*** Begin section ***
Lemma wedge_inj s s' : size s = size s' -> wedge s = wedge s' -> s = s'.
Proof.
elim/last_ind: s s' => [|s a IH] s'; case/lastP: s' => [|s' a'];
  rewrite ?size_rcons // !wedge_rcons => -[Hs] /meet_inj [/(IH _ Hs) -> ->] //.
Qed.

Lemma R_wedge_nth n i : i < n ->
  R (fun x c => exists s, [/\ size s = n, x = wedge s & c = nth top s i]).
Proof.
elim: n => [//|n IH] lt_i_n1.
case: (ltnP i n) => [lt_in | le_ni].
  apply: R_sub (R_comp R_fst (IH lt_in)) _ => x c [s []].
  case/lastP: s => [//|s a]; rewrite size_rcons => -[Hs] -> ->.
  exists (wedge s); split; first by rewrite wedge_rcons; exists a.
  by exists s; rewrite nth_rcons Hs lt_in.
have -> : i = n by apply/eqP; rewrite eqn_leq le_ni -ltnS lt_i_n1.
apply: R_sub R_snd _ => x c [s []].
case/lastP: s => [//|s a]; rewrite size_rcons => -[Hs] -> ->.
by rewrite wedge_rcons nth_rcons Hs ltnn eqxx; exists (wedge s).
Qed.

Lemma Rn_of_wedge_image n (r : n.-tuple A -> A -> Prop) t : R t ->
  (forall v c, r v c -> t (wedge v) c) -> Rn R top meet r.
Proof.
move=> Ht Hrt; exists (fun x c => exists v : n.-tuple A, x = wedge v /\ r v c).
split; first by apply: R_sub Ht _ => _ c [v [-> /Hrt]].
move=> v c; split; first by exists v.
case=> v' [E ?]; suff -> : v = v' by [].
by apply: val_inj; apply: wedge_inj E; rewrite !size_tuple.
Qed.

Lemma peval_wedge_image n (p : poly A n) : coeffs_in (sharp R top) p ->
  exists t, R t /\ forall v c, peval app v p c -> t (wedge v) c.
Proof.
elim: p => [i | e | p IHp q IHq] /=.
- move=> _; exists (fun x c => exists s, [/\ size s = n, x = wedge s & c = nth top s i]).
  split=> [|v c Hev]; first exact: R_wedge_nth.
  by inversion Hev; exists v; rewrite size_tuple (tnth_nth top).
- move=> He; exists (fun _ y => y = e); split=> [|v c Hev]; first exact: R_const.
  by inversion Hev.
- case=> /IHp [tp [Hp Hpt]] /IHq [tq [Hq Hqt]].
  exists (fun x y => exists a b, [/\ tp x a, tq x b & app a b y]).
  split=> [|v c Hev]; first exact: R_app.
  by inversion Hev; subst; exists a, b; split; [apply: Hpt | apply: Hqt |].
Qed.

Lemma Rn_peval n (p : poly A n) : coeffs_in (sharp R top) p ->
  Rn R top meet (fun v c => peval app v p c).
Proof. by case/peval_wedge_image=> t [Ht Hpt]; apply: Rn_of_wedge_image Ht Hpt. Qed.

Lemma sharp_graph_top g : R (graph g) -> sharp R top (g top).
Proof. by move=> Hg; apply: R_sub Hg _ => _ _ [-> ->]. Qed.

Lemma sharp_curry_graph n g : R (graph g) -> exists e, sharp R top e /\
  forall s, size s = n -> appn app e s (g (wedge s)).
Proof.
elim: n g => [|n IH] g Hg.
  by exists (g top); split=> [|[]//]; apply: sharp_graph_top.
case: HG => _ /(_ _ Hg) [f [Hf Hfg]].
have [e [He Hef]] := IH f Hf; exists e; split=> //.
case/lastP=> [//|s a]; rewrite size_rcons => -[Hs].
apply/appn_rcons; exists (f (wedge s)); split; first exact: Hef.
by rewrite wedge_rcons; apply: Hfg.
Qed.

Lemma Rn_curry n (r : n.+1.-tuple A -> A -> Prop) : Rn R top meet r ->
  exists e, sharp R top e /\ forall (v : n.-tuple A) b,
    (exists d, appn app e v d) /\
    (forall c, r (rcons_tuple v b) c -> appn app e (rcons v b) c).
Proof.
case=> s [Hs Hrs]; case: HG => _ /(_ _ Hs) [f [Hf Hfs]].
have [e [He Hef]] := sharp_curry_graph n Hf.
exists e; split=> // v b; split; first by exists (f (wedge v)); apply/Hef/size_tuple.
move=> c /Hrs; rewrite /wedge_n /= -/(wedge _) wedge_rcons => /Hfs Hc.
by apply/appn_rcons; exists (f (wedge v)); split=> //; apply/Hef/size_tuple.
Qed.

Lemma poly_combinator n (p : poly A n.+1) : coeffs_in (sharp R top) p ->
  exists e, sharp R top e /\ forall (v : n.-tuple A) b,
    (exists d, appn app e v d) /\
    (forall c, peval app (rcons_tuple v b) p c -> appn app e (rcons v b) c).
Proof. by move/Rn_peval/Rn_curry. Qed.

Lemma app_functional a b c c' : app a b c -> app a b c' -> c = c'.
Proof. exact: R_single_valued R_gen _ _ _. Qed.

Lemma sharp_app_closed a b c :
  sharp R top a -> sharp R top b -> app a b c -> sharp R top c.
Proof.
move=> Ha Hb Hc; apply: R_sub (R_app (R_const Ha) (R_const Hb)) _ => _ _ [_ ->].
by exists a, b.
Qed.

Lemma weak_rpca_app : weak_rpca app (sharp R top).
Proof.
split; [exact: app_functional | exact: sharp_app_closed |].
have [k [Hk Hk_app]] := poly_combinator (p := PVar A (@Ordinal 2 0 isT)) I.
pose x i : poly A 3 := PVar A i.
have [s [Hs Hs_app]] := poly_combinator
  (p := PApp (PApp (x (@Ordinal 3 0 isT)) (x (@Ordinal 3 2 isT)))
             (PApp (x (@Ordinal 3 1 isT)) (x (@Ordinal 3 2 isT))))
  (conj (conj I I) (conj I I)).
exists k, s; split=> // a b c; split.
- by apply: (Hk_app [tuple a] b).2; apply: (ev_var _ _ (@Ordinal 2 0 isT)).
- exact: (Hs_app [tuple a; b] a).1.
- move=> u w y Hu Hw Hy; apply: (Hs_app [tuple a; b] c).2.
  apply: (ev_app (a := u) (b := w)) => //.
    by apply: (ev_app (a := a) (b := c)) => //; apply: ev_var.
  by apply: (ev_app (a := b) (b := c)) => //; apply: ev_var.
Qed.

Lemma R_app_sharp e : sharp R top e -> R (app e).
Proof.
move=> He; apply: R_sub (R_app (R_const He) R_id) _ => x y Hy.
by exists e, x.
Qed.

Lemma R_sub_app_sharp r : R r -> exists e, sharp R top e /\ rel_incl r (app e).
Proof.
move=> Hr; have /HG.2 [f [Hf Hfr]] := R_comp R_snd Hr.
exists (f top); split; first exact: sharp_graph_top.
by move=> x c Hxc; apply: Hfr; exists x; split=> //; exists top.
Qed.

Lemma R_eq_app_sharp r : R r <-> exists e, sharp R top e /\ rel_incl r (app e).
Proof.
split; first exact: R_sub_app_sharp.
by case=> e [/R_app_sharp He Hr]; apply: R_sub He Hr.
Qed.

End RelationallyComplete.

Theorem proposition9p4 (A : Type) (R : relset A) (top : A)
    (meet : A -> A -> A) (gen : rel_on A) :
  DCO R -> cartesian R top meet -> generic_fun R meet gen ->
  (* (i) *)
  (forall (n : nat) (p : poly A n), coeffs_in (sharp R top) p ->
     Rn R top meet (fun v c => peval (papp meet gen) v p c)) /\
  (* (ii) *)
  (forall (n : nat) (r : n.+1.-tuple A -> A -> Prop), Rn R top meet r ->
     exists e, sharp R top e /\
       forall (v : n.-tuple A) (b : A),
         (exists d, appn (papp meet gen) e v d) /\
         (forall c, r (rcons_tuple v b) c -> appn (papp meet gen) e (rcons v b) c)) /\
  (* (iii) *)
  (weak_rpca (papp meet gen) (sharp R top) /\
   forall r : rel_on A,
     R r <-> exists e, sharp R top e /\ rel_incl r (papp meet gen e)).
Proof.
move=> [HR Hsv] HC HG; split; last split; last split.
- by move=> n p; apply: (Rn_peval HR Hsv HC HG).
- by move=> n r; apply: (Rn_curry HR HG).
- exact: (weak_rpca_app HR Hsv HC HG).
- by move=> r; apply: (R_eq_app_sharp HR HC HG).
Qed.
*** End section ***
» PROMPT
All lines above containing the string "lastP": copy each one.

» ANSWER TO THIS PROBLEM
elim/last_ind: s s' => [|s a IH] s'; case/lastP: s' => [|s' a'];
  case/lastP: s => [//|s a]; rewrite size_rcons => -[Hs] -> ->.
case/lastP: s => [//|s a]; rewrite size_rcons => -[Hs] -> ->.
case/lastP=> [//|s a]; rewrite size_rcons => -[Hs].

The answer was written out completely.